Florence de Maupeou: The main obstacles that we identify at this stage are :

    • Pan-European communication on issuing offers. If it must be translated into several languages, it may be expensive and therefore a burden. Similarly, if the KIIS must be translated and the responsibility for the translation lies with the issuer, it may be hesitant to open its fundraising to countries other than its country of origin.
    • Taxation, specific to each European country, will also be a major obstacles

How many of your member platforms expect to take advantage of pan-European crowdfunding rules?

Florence de Maupeou: It’s hard to say. If the “pan-European” aspect of the regulations is obviously appreciated, many other points are blocked in the European regulations and some (such as article 8 on conflicts of interest) call into question the business model of certain platforms.

You have requested a transition period to access the statute of European Crowdfunding Service Provider. Why is this?

Florence de Maupeou: The deadline of November 2022 seems too short for the sector to obtain the ECSP statute in good conditions. Indeed, there are remaining some decisive pending questions and the publications of technical standards. Moreover, the French crowdfunding sector is flourishing, and there is a risk of a traffic jam for the agreement request.

Are you optimistic for sector growth for online securities offerings in the EU, in the long run?

Florence de Maupeou: On a European level, this new regulation should boost the sector in certain countries where it’s currently poorly regulated and little used. On a French level, the crowdfunding sector has experienced a nice growth over the past 10 years. It almost reached a collective of €2 billion in 2021, with 84% growth.

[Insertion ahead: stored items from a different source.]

(* Let $\epsilon=\epsilon_1\cdots\epsilon_n$ be the reversal of an inversion sequence (equivalently, an integer sequence with $0\le\epsilon_i\le n-i$ for all $i$), and let $\epsilon'$ be the sequence obtained by applying Algorithm A (described below) to $\epsilon$. Then $\epsilon'$ is also the reversal of an inversion sequence.
   Context: An inversion sequence of length $n$ is an integer sequence $\epsilon_1\cdots\epsilon_n$ with $0\le\epsilon_i<i$ for all $i$; its reversal is $\epsilon_n\cdots\epsilon_1$. The reduction of an integer word replaces each occurrence of its $k$-th smallest distinct value by $k-1$; a consecutive pattern $\underline{p_1p_2p_3p_4}$ occurs in a sequence at position $i$ if the reduction of its entries in positions $i,\dots,i+3$ equals $p_1p_2p_3p_4$. Let $p=\underline{0102}$ and $q=\underline{0112}$. Algorithm A, on input an integer sequence $\mathrm{seq}=\epsilon_1\cdots\epsilon_n$: let $E_p$, $E_q$ be the sets of positions of occurrences of $p$, resp. $q$, in the input sequence; set $\mathrm{last}:=$ null. For $i=1,2,\dots,n$ in order: let $N_p,N_q$ be the sets of positions of occurrences of $p$, resp. $q$, in the current sequence. If $i-2\in E_p$: set $\mathrm{last}:=\mathrm{seq}[i]$ and $\mathrm{seq}[i]:=\mathrm{seq}[i-1]$. Else if $i-2\in E_q$: set $\mathrm{last}:=\mathrm{seq}[i]$ and $\mathrm{seq}[i]:=\mathrm{seq}[i-2]$. Else if $i-2\in N_p$ or $i-2\in N_q$: swap the values of $\mathrm{seq}[i]$ and $\mathrm{last}$. Output $\mathrm{seq}$. *)

From mathcomp Require Import all_boot.
Set Implicit Arguments. Unset Strict Implicit. Unset Printing Implicit Defensive.

(* Sequences are lists of nats; positions are 1-based as in the paper:
   entry at position i of s is  nth 0 s (i-1). *)
Definition ent (s : seq nat) (i : nat) : nat := nth 0 s i.-1.

Definition reduce (w : seq nat) : seq nat :=
  let vals := sort leq (undup w) in [seq index x vals | x <- w].

Definition occurs (p s : seq nat) (i : nat) : bool :=
  [&& 1 <= i, i + 3 <= size s &
      reduce [:: ent s i; ent s i.+1; ent s i.+2; ent s i.+3] == p].

Definition pat_p : seq nat := [:: 0; 1; 0; 2].
Definition pat_q : seq nat := [:: 0; 1; 1; 2].

Definition setent (s : seq nat) (i x : nat) : seq nat := set_nth 0 s i.-1 x.

(* One step of Algorithm A at index i; orig is the input sequence,
   state = (current sequence, last). *)
Definition algA_step (orig : seq nat) (st : seq nat * nat) (i : nat)
  : seq nat * nat :=
  let: (s, last) := st in
  if occurs pat_p orig (i - 2) then (setent s i (ent s i.-1), ent s i)
  else if occurs pat_q orig (i - 2) then (setent s i (ent s (i - 2)), ent s i)
  else if occurs pat_p s (i - 2) || occurs pat_q s (i - 2)
       then (setent s i last, ent s i)
  else (s, last).

Definition algA (s : seq nat) : seq nat :=
  (foldl (algA_step s) (s, 0) (iota 1 (size s))).1.

Definition rev_inv_seq (s : seq nat) : bool :=
  all (fun i => ent s i <= size s - i) (iota 1 (size s)).

(* Every entry that Algorithm A writes at position i is smaller than the
   original entry at position i+1.  Each of its three rules fires on an
   occurrence of 0102 or 0112 at i-2, whose last letter is its strict maximum,
   so the written value (an original or current entry at i-2 or i-1, or the
   saved value [last]) lies below the entry at i+1, which has not been touched
   yet.  Hence every output entry is either unchanged or below the next input
   entry, and in both cases it is at most n - i. *)

From mathcomp Require Import all_boot.
From mathcomp Require Import zify.

Set Implicit Arguments.
Unset Strict Implicit.
Unset Printing Implicit Defensive.

Lemma reduce_ltn (w : seq nat) a b : a < size w -> b < size w ->
  nth 0 (reduce w) a < nth 0 (reduce w) b -> nth 0 w a < nth 0 w b.
Proof.
move=> ha hb; rewrite /reduce !(nth_map 0) //.
set V := sort leq (undup w); set x := nth 0 w a; set y := nth 0 w b => lt_xy.
have inV z : z \in w -> z \in V by rewrite mem_sort mem_undup.
have le_xy : x <= y.
  by apply: (sorted_ltn_index leq_trans (sort_sorted leq_total _)) lt_xy;
     apply: inV; apply: mem_nth.
by rewrite ltn_neqAle le_xy andbT; apply: contraTneq lt_xy => ->; rewrite ltnn.
Qed.

Lemma occurs_ltn p s i a b : occurs p s i -> a < 4 -> b < 4 ->
  nth 0 p a < nth 0 p b -> ent s (i + a) < ent s (i + b).
Proof.
case/and3P=> _ _ /eqP <- ha hb.
set w := [:: ent s i; _; _; _]; move/(@reduce_ltn w _ _ ha hb).
by case: a ha => [|[|[|[|]]]] // _; case: b hb => [|[|[|[|]]]] // _;
   rewrite ?addn0 ?addn1 ?addn2 ?addn3.
Qed.

Lemma occurs_pq_last_max s i a : occurs pat_p s i || occurs pat_q s i ->
  a < 3 -> ent s (i + a) < ent s (i + 3).
Proof.
by case/orP=> occ ha; apply: (occurs_ltn occ) => //; case: a ha => [|[|[|]]].
Qed.

Lemma algA_trigger_bounds s i :
  occurs pat_p s (i - 2) || occurs pat_q s (i - 2) ->
  [/\ 3 <= i, i < size s, ent s (i - 2) < ent s i.+1,
      ent s i.-1 < ent s i.+1 & ent s i < ent s i.+1].
Proof.
move=> occ; have lt_last a (ha : a < 3) := occurs_pq_last_max occ ha.
have [i_ge3 i_lt] : 3 <= i /\ i < size s.
  by case/orP: occ => /and3P[? ? _]; split; lia.
have e0 : i - 2 + 0 = i - 2 by lia.
have e1 : i - 2 + 1 = i.-1 by lia.
have e2 : i - 2 + 2 = i by lia.
have e3 : i - 2 + 3 = i.+1 by lia.
by split => //;
   [move: (lt_last 0 isT) | move: (lt_last 1 isT) | move: (lt_last 2 isT)];
   rewrite ?e0 ?e1 ?e2 e3.
Qed.

Definition agree_beyond (m : nat) (s o : seq nat) : Prop :=
  forall j, m < j -> ent s j = ent o j.

Lemma occurs_agree p s o m i : size s = size o -> agree_beyond m s o ->
  m < i -> occurs p s i = occurs p o i.
Proof. by move=> hs he hi; rewrite /occurs hs !he //; lia. Qed.

(* State after processing positions [1..k] of the input [o].  When [l] has
   been set, it is the original entry at the last modified position [m],
   and that entry lies below the original entry at [m+1]. *)
Definition algA_inv (o : seq nat) (k : nat) (st : seq nat * nat) : Prop :=
  let: (s, l) := st in
  [/\ size s = size o, agree_beyond k s o,
      forall j, 0 < j -> ent s j = ent o j \/ ent s j < ent o j.+1 &
      l = 0 \/ exists m, [/\ m <= k, l < ent o m.+1 & agree_beyond m s o]].

Lemma algA_inv_mono o k k' st : k <= k' -> algA_inv o k st -> algA_inv o k' st.
Proof.
case: st => s l le_kk' [hs he hb hl]; split => //.
- by move=> j hj; apply: he; lia.
- by case: hl => [->|[m [hm hlm hem]]]; [left | right; exists m; split => //; lia].
Qed.

Lemma algA_inv_set o i s l v : algA_inv o i.-1 (s, l) -> 0 < i <= size o ->
  v < ent o i.+1 -> ent o i < ent o i.+1 ->
  algA_inv o i (setent s i v, ent s i).
Proof.
move=> [hs he hb _] /andP[i_gt0 i_le] hv ho.
have ent_set j : 0 < j -> ent (setent s i v) j = if j == i then v else ent s j.
  move=> j_gt0; rewrite /ent /setent nth_set_nth /=.
  by congr (if _ then _ else _); apply/eqP/eqP => [|->] //; lia.
have agree_i : agree_beyond i (setent s i v) o.
  by move=> j hj; rewrite ent_set; [case: eqP => [|_]; [lia | apply: he; lia] | lia].
split => //.
- by rewrite /setent size_set_nth hs; apply/maxn_idPr; lia.
- by move=> j hj; rewrite ent_set //; case: eqP => [->|_]; [right | exact: hb].
- by right; exists i; split => //; rewrite he //; lia.
Qed.

Lemma algA_last_lt_trigger o i s l : algA_inv o i.-1 (s, l) ->
  ~~ (occurs pat_p o (i - 2) || occurs pat_q o (i - 2)) ->
  occurs pat_p s (i - 2) || occurs pat_q s (i - 2) -> l < ent o i.+1.
Proof.
move=> [hs he _ hl] not_occ_o occ_s.
have [i_ge3 _ lt2 lt1 lt0] := algA_trigger_bounds occ_s.
have <- : ent s i.+1 = ent o i.+1 by apply: he; lia.
case: hl => [-> | [m [hm hlm hem]]]; first lia.
have [m_lt | m_ge] := ltnP m (i - 2).
  (* Nothing from position i-2 on has changed, so the occurrence is original. *)
  by move: not_occ_o; rewrite -!(occurs_agree _ hs hem m_lt) occ_s.
rewrite -hem // in hlm.
have [e | e] : m.+1 = i.-1 \/ m.+1 = i by lia.
all: by rewrite e in hlm; lia.
Qed.

Lemma algA_inv_step o i st : algA_inv o i.-1 st -> 0 < i <= size o ->
  algA_inv o i (algA_step o st i).
Proof.
case: st => s l inv hi; have [_ he hb _] := inv.
have below j x : 0 < j -> ent o j < x -> ent o j.+1 < x -> ent s j < x.
  by move=> j_gt0 hj hj1; case: (hb j j_gt0) => [->|]; lia.
rewrite /algA_step; case: ifP => [occ_p | not_p].
  have [? ? ? ? ?] := algA_trigger_bounds (introT orP (or_introl occ_p)).
  by apply: (algA_inv_set inv) => //; apply: below; rewrite ?prednK //; lia.
case: ifP => [occ_q | not_q].
  have [? ? ? ? ?] := algA_trigger_bounds (introT orP (or_intror occ_q)).
  have e : (i - 2).+1 = i.-1 by lia.
  by apply: (algA_inv_set inv) => //; apply: below; rewrite ?e //; lia.
case: ifP => [occ_s | _]; last by apply: algA_inv_mono inv; lia.
have [? ? ? ? ?] := algA_trigger_bounds occ_s.
have l_lt : l < ent o i.+1.
  by apply: (algA_last_lt_trigger inv) occ_s; rewrite not_p not_q.
apply: (algA_inv_set inv) => //.
by rewrite -!he //; lia.
Qed.

Lemma algA_inv_foldl o k : k <= size o ->
  algA_inv o k (foldl (algA_step o) (o, 0) (iota 1 k)).
Proof.
elim: k => [_ | k IH hk]; first by split => // [j _|]; left.
rewrite -addn1 iotaD foldl_cat /= add1n addn1.
by apply: algA_inv_step; [apply: IH; lia | lia].
Qed.

Lemma rev_inv_seq_below_next o s : rev_inv_seq o -> size s = size o ->
  (forall j, 0 < j -> ent s j = ent o j \/ ent s j < ent o j.+1) ->
  rev_inv_seq s.
Proof.
move=> /allP ho hs hb; apply/allP => j; rewrite hs mem_iota => /andP[j_gt0 _].
have bound_o i : 0 < i -> ent o i <= size o - i.
  move=> i_gt0; have [i_le | i_gt] := leqP i (size o).
    by apply: ho; rewrite mem_iota; lia.
  by rewrite /ent nth_default //; lia.
by case: (hb j j_gt0) => [-> | lt]; [exact: bound_o | have := bound_o j.+1; lia].
Qed.

Theorem corollary2 (e : seq nat) :
  rev_inv_seq e -> rev_inv_seq (algA e).
Proof.
move=> e_rinv; rewrite /algA.
case: foldl (algA_inv_foldl (leqnn (size e))) => s l [hs _ hb _].
exact: rev_inv_seq_below_next e_rinv hs hb.
Qed.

The European regulation is likely to slow down because of the threshold limited to €5 million (instead of the €8 million that we currently know) and because of the “heaviness” of the compliance and the requirements (in terms of prudential requirements, for example).

Is there a risk of too many platforms and too few deals?

Florence de Maupeou: I don’t think so. The European Regulation will just enable the strongest platforms to operate.

Over time, what do you think policymakers can do to improve the ecosystem?

Florence de Maupeou: Have more confidence in the sector and the players to change the regulations so that they are not dissuasive to the stakeholders. In France, the regulatory framework was created in 2014. In the beginning, issuers could only raise up to €1 million on the platforms. The threshold has gradually changed to reach €8 million in 2019.

What are your thoughts on secondary markets for crowdfunded securities?

Florence de Maupeou: This is something we obviously must move towards. The simple bulletin board permitted by the regulation is a good start, but more needs to be done to facilitate the liquidity of securities.